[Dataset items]
+ + +
(* Let $\lambda>0$, let $\boldsymbol\alpha^\star$ be the optimal solution of the dual problem $\max_{\boldsymbol\alpha\ge\mathbf0}D_\lambda(\boldsymbol\alpha)$ and $\mathbf m^\star$ the optimal solution of the primal problem $\min_{\mathbf m\ge\mathbf0}P_\lambda(\mathbf m)$. Suppose $\mathbf q\in\mathbb R^{2nK}_{\ge0}$ and $r\ge0$ satisfy $\|\boldsymbol\alpha^\star-\mathbf q\|_2^2\le r^2$. For $k\in[p]$ let $$\mathrm{Prune}(k\mid\mathbf q,r)=\sum_{i\in[n]}\sum_{l\in\mathcal D_i}q_{il}\max\{x_{i,k},x_{l,k}\}^2+r\sqrt{\sum_{i\in[n]}\Big[\sum_{l\in\mathcal D_i}\max\{x_{i,k},x_{l,k}\}^4+\sum_{j\in\mathcal S_i}\max\{x_{i,k},x_{j,k}\}^4\Big]}.$$ If $\mathrm{Prune}(k\mid\mathbf q,r)\le\lambda$, then $m^\star_{k'}=0$ for every descendant $k'\supseteq k$.
   Context: Let $n,K,p\ge1$ be integers, $[n]=\{1,\dots,n\}$. For each $i\in[n]$ let $\mathbf x_i=(x_{i,1},\dots,x_{i,p})^\top\in\mathbb R^p$ have nonnegative entries and let $\mathcal D_i,\mathcal S_i\subseteq[n]$ be sets of size $K$. Put $\mathbf c_{ij}=(\mathbf x_i-\mathbf x_j)\circ(\mathbf x_i-\mathbf x_j)$ (entrywise product). Vectors in $\mathbb R^{2nK}$ are indexed by the pairs $(i,l)$, $l\in\mathcal D_i$ (''different-class pairs'') and $(i,j)$, $j\in\mathcal S_i$ (''same-class pairs''); $\mathbf q$ has entries $q_{il},q_{ij}$. $\mathbf C\in\mathbb R^{p\times2nK}$ has column $\mathbf c_{il}$ for each different-class pair and $-\mathbf c_{ij}$ for each same-class pair. Fix $L\ge U\ge0$, $\eta>0$; let $\mathbf t\in\mathbb R^{2nK}$ have entry $L$ at different-class pairs and $-U$ at same-class pairs; $\ell_s(x)=([s-x]_+)^2$ with $[z]_+=\max\{z,0\}$ (entrywise for vectors); $\mathbf1$ is the all-ones vector. For $\lambda>0$, $$P_\lambda(\mathbf m)=\sum_{i\in[n]}\Big[\sum_{l\in\mathcal D_i}\ell_L(\mathbf m^\top\mathbf c_{il})+\sum_{j\in\mathcal S_i}\ell_{-U}(-\mathbf m^\top\mathbf c_{ij})\Big]+\lambda\Big(\mathbf m^\top\mathbf1+\frac\eta2\|\mathbf m\|_2^2\Big)\ (\mathbf m\in\mathbb R^p_{\ge0}),$$ $$D_\lambda(\boldsymbol\alpha)=-\frac14\|\boldsymbol\alpha\|_2^2+\mathbf t^\top\boldsymbol\alpha-\frac{\lambda\eta}2\Big\|\frac1{\lambda\eta}[\mathbf C\boldsymbol\alpha-\lambda\mathbf1]_+\Big\|_2^2\ (\boldsymbol\alpha\in\mathbb R^{2nK}_{\ge0}).$$ The feature indices $[p]$ are nodes of a rooted graph-mining tree: $x_{i,k}=g(\#(H_k\sqsubseteq G_i))$, where $H_k$ is the subgraph at node $k$, $G_i$ the $i$-th input graph, $\#(H\sqsubseteq G)$ the number of non-overlapping occurrences of $H$ in $G$, $g$ nonnegative and nondecreasing, and each node's subgraph is contained in its children's subgraphs. Write $k'\supseteq k$ if $k'$ is a descendant of $k$; in particular $0\le x_{i,k'}\le x_{i,k}$ for all $i$ whenever $k'\supseteq k$. *)

From HB Require Import structures.
From mathcomp Require Import all_boot all_order all_algebra.
From mathcomp Require Import reals.
Set Implicit Arguments. Unset Strict Implicit. Unset Printing Implicit Defensive.
Import Order.TTheory GRing.Theory Num.Theory.
Local Open Scope ring_scope.

Section Defs.
Variables (R : realType) (n p : nat).
Variable x : 'I_n -> 'I_p -> R.
(* D i = different-class set D_i, S i = same-class set S_i *)
Variables (D S : 'I_n -> {set 'I_n}).

Definition pospart (z : R) : R := Num.max z 0.
Definition hinge2 (s z : R) : R := (pospart (s - z)) ^+ 2.

Definition cvec (i j : 'I_n) (k : 'I_p) : R := (x i k - x j k) ^+ 2.

Definition mc (m : 'I_p -> R) (i j : 'I_n) : R := \sum_(k < p) m k * cvec i j k.

Definition Pobj (L U lam eta : R) (m : 'I_p -> R) : R :=
  \sum_(i < n) (\sum_(l in D i) hinge2 L (mc m i l)
              + \sum_(j in S i) hinge2 (- U) (- mc m i j))
  + lam * (\sum_(k < p) m k + eta / 2 * \sum_(k < p) m k ^+ 2).

(* A vector alpha in R^{2nK}, indexed by the pairs (i,l), l in D_i and
   (i,j), j in S_i, is represented by two functions aD aS : 'I_n -> 'I_n -> R,
   of which only the entries aD i l (l \in D i) and aS i j (j \in S i) matter. *)
Definition vnorm2 (aD aS : 'I_n -> 'I_n -> R) : R :=
  \sum_(i < n) (\sum_(l in D i) aD i l ^+ 2 + \sum_(j in S i) aS i j ^+ 2).

Definition vnonneg (aD aS : 'I_n -> 'I_n -> R) : Prop :=
  forall i, (forall l, l \in D i -> 0 <= aD i l) /\ (forall j, j \in S i -> 0 <= aS i j).

Definition Calpha (aD aS : 'I_n -> 'I_n -> R) (k : 'I_p) : R :=
  \sum_(i < n) (\sum_(l in D i) aD i l * cvec i l k
              - \sum_(j in S i) aS i j * cvec i j k).

Definition talpha (L U : R) (aD aS : 'I_n -> 'I_n -> R) : R :=
  \sum_(i < n) (\sum_(l in D i) L * aD i l + \sum_(j in S i) (- U) * aS i j).

Definition Dobj (L U lam eta : R) (aD aS : 'I_n -> 'I_n -> R) : R :=
  - (1 / 4) * vnorm2 aD aS + talpha L U aD aS
  - lam * eta / 2 * \sum_(k < p) ((lam * eta)^-1 * pospart (Calpha aD aS k - lam)) ^+ 2.

Definition Prune (qD : 'I_n -> 'I_n -> R) (r : R) (k : 'I_p) : R :=
  \sum_(i < n) \sum_(l in D i) qD i l * (Num.max (x i k) (x l k)) ^+ 2
  + r * Num.sqrt (\sum_(i < n) (\sum_(l in D i) (Num.max (x i k) (x l k)) ^+ 4
                               + \sum_(j in S i) (Num.max (x i k) (x j k)) ^+ 4)).
End Defs.

(* Weak duality holds as an identity: for [m >= 0] and [alpha >= 0],
   [P m = D alpha + (loss gaps) + (regulariser gaps)], where every gap is a nonnegative
   Fenchel-Young gap and the regulariser gap of coordinate [k] is taken against
   [(C alpha)_k - lambda].  At the dual point [2 [L - mstar^T c]_+, 2 [mstar^T c - U]_+] read off
   the primal optimum the loss gaps vanish; moving [mstar] by [t] towards the minimiser of the
   regulariser gaps changes the loss gaps by [O(t^2)] but scales the regulariser gaps by
   [1 - t], so these vanish as well and [P mstar <= D alphastar].  Hence all gaps vanish at the
   pair [mstar, alphastar], and when [(C alphastar)_k <= lambda] the gap of coordinate [k] is at
   least [lambda eta / 2 * (mstar_k)^2].  Finally [(C alphastar)_k' <= Prune(k | q, r)] for every
   descendant [k']: the same-class terms are nonpositive,
   [(x_{i,k'} - x_{l,k'})^2 <= max(x_{i,k}, x_{l,k})^2], and Cauchy-Schwarz bounds the
   contribution of [alphastar - q] by [r] times the square root. *)

From Pilot Require Import Defs.
From HB Require Import structures.
From mathcomp Require Import all_boot all_order all_algebra.
From mathcomp Require Import reals ring lra.
Import Order.TTheory GRing.Theory Num.Theory.
Local Open Scope ring_scope.
Set Implicit Arguments. Unset Strict Implicit.

Section PositivePart.
Variable R : realType.
Implicit Types u a c m s t w z : R.

Lemma pospart_ge0 u : 0 <= pospart u.
Proof. by rewrite /pospart le_max lexx orbT. Qed.

Lemma le_pospart u : u <= pospart u.
Proof. by rewrite /pospart le_max lexx. Qed.

Lemma pospart_eq0 u : u <= 0 -> pospart u = 0.
Proof. exact: max_r. Qed.

Lemma pospart_id u : 0 <= u -> pospart u = u.
Proof. exact: max_l. Qed.

Lemma mul_pospart_sub u : pospart u * (pospart u - u) = 0.
Proof.
by case: (leP u 0) => [/pospart_eq0 -> | /ltW/pospart_id ->]; rewrite ?mul0r ?subrr ?mulr0.
Qed.

Lemma hinge2_oppr s z : hinge2 (- s) (- z) = pospart (z - s) ^+ 2.
Proof. by rewrite /hinge2 opprK addrC. Qed.

(* [sqpos_gap u a] is the Fenchel-Young gap of [u |-> [u]_+^2], whose conjugate is
   [a |-> a^2/4] on [a >= 0]; [nnquad_gap c m s] is the one of [m |-> c/2 m^2] on
   [m >= 0], whose conjugate is [s |-> [s]_+^2/(2c)]. *)
Definition sqpos_gap u a := pospart u ^+ 2 - a * u + a ^+ 2 / 4.

Definition nnquad_gap c m s := c / 2 * m ^+ 2 - m * s + pospart s ^+ 2 / (2 * c).

Lemma sqpos_gap_ge0 u a : 0 <= a -> 0 <= sqpos_gap u a.
Proof.
move=> a_ge0; have : 0 <= a * (pospart u - u) by rewrite mulr_ge0 // subr_ge0 le_pospart.
have := sqr_ge0 (pospart u - a / 2); rewrite /sqpos_gap; nra.
Qed.

Lemma sqpos_gap_opt u : sqpos_gap u (2 * pospart u) = 0.
Proof. by have := mul_pospart_sub u; rewrite /sqpos_gap; nra. Qed.

Lemma sqpos_gap_le u u0 : sqpos_gap u (2 * pospart u0) <= (u - u0) ^+ 2.
Proof.
have := sqr_ge0 u; have := sqr_ge0 u0; have := sqr_ge0 (u - u0); rewrite /sqpos_gap.
case: (leP u 0) => [/[dup] ? /pospart_eq0 -> | /[dup] ? /ltW/pospart_id ->];
case: (leP u0 0) => [/[dup] ? /pospart_eq0 -> | /[dup] ? /ltW/pospart_id ->]; nra.
Qed.

Lemma nnquad_gapE c m s : c != 0 ->
  nnquad_gap c m s = (c * m - pospart s) ^+ 2 / (2 * c) + m * (pospart s - s).
Proof. by move=> c_neq0; rewrite /nnquad_gap; field. Qed.

Lemma nnquad_gap_ge0 c m s : 0 < c -> 0 <= m -> 0 <= nnquad_gap c m s.
Proof.
move=> c_gt0 m_ge0; rewrite nnquad_gapE ?gt_eqF //.
apply: addr_ge0; last by rewrite mulr_ge0 // subr_ge0 le_pospart.
by apply: divr_ge0; [exact: sqr_ge0 | lra].
Qed.

Lemma nnquad_gap_opt c s : c != 0 -> nnquad_gap c (pospart s / c) s = 0.
Proof.
move=> c_neq0; rewrite nnquad_gapE // mulrCA divff // mulr1 subrr expr0n /= mul0r add0r.
by rewrite mulrAC mul_pospart_sub mul0r.
Qed.

Lemma nnquad_gap_convex c m w s t : 0 <= c -> 0 <= t <= 1 ->
  nnquad_gap c (m + t * (w - m)) s <= (1 - t) * nnquad_gap c m s + t * nnquad_gap c w s.
Proof.
move=> c_ge0 /andP[t_ge0 t_le1].
have -> : (1 - t) * nnquad_gap c m s + t * nnquad_gap c w s =
          nnquad_gap c (m + t * (w - m)) s + c / 2 * (t * (1 - t)) * (m - w) ^+ 2.
  by rewrite /nnquad_gap; ring.
rewrite lerDl; apply: mulr_ge0; last exact: sqr_ge0.
by apply: mulr_ge0; [lra | nra].
Qed.

Lemma nnquad_gap_eq0 c m s : 0 < c -> 0 <= m -> s <= 0 -> nnquad_gap c m s = 0 -> m = 0.
Proof.
move=> c_gt0 m_ge0 s_le0; rewrite /nnquad_gap pospart_eq0 // expr0n /= mul0r addr0 => gap0.
have : c / 2 * m ^+ 2 <= 0 by nra.
by rewrite pmulr_rle0 ?divr_gt0 // => m2_le0; apply/eqP; rewrite -sqrf_eq0 eq_le m2_le0 sqr_ge0.
Qed.

End PositivePart.

Section CauchySchwarz.
Variables (R : rcfType) (I : finType) (P : pred I) (u v : I -> R).

Lemma CauchySchwarz_sumr :
  (\sum_(i | P i) u i * v i) ^+ 2 <= (\sum_(i | P i) u i ^+ 2) * \sum_(i | P i) v i ^+ 2.
Proof.
set A := \sum_(i | P i) u i ^+ 2; set B := \sum_(i | P i) v i ^+ 2.
set C := \sum_(i | P i) u i * v i.
have : 0 <= B by apply: sumr_ge0 => i _; exact: sqr_ge0.
rewrite le_eqVlt => /predU1P[/esym B_eq0 | B_gt0].
  have v0 i : P i -> v i = 0.
    by move=> Pi; apply/eqP; rewrite -sqrf_eq0 (psumr_eq0P _ B_eq0) // => j _; exact: sqr_ge0.
  by rewrite B_eq0 mulr0 /C big1 ?expr0n // => i /v0 ->; rewrite mulr0.
have : 0 <= B * (A * B - C ^+ 2).
  have -> : B * (A * B - C ^+ 2) = \sum_(i | P i) (B * u i - C * v i) ^+ 2.
    transitivity (\sum_(i | P i) (B ^+ 2 * u i ^+ 2 - 2 * B * C * (u i * v i) + C ^+ 2 * v i ^+ 2)).
      by rewrite big_split sumrB /= -!mulr_sumr -/A -/B -/C; ring.
    by apply: eq_bigr => i _; ring.
  by apply: sumr_ge0 => i _; exact: sqr_ge0.
by rewrite pmulr_rge0 // subr_ge0.
Qed.

Lemma CauchySchwarz_sumr_sqrt :
  \sum_(i | P i) u i * v i <=
  Num.sqrt (\sum_(i | P i) u i ^+ 2) * Num.sqrt (\sum_(i | P i) v i ^+ 2).
Proof.
rewrite -sqrtrM; last by apply: sumr_ge0 => i _; exact: sqr_ge0.
by apply: le_trans (ler_norm _) _; rewrite -sqrtr_sqr ler_wsqrtr // CauchySchwarz_sumr.
Qed.

End CauchySchwarz.

Lemma sqr_sub_le_max (R : realDomainType) (a b A B : R) :
  0 <= a <= A -> 0 <= b <= B -> (a - b) ^+ 2 <= Num.max A B ^+ 2.
Proof.
move=> /andP[a_ge0 a_le] /andP[b_ge0 b_le].
have : a <= Num.max A B by rewrite le_max a_le.
have : b <= Num.max A B by rewrite le_max b_le orbT.
nra.
Qed.

Lemma le0_of_le_mul (R : realFieldType) (G Q : R) :
  0 <= Q -> (forall t, 0 < t -> t <= 1 -> G <= t * Q) -> G <= 0.
Proof.
move=> Q_ge0 G_le; rewrite leNgt; apply/negP => G_gt0.
have QG_gt0 : 0 < Q + G by lra.
have t_gt0 : 0 < G / (Q + G) by rewrite divr_gt0.
have t_le1 : G / (Q + G) <= 1 by rewrite ler_pdivrMr //; lra.
have tQG : G / (Q + G) * (Q + G) = G by rewrite divfK ?gt_eqF.
have := G_le _ t_gt0 t_le1; nra.
Qed.

Section PairSums.
Variables (R : rcfType) (n : nat) (D S : 'I_n -> {set 'I_n}).
Implicit Types F G : 'I_n -> 'I_n -> R.

Definition pairsum F G := \sum_(i < n) (\sum_(l in D i) F i l + \sum_(j in S i) G i j).

Lemma pairsumD F1 G1 F2 G2 :
  pairsum (fun i j => F1 i j + F2 i j) (fun i j => G1 i j + G2 i j) =
  pairsum F1 G1 + pairsum F2 G2.
Proof. by rewrite -big_split; apply: eq_bigr => i _; rewrite !big_split /= addrACA. Qed.

Lemma pairsumZ c F G :
  pairsum (fun i j => c * F i j) (fun i j => c * G i j) = c * pairsum F G.
Proof. by rewrite mulr_sumr; apply: eq_bigr => i _; rewrite mulrDr !mulr_sumr. Qed.

Lemma eq_pairsum F1 G1 F2 G2 :
  (forall i j, F1 i j = F2 i j) -> (forall i j, G1 i j = G2 i j) ->
  pairsum F1 G1 = pairsum F2 G2.
Proof.
by move=> eqF eqG; apply: eq_bigr => i _; congr (_ + _); apply: eq_bigr => j _.
Qed.

Lemma ler_pairsum F1 G1 F2 G2 :
  (forall i l, l \in D i -> F1 i l <= F2 i l) -> (forall i j, j \in S i -> G1 i j <= G2 i j) ->
  pairsum F1 G1 <= pairsum F2 G2.
Proof.
move=> leF leG; apply: ler_sum => i _.
by apply: lerD; apply: ler_sum => j; [exact: leF | exact: leG].
Qed.

Lemma pairsum_ge0 F G :
  (forall i l, l \in D i -> 0 <= F i l) -> (forall i j, j \in S i -> 0 <= G i j) ->
  0 <= pairsum F G.
Proof.
move=> F_ge0 G_ge0; apply: sumr_ge0 => i _.
by apply: addr_ge0; apply: sumr_ge0 => j; [exact: F_ge0 | exact: G_ge0].
Qed.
+ + +
- WHAT YOU WILL DO:
Provide the count, and nothing else, of lines in the data above where the word "forall" occurs.

- REPLY:
5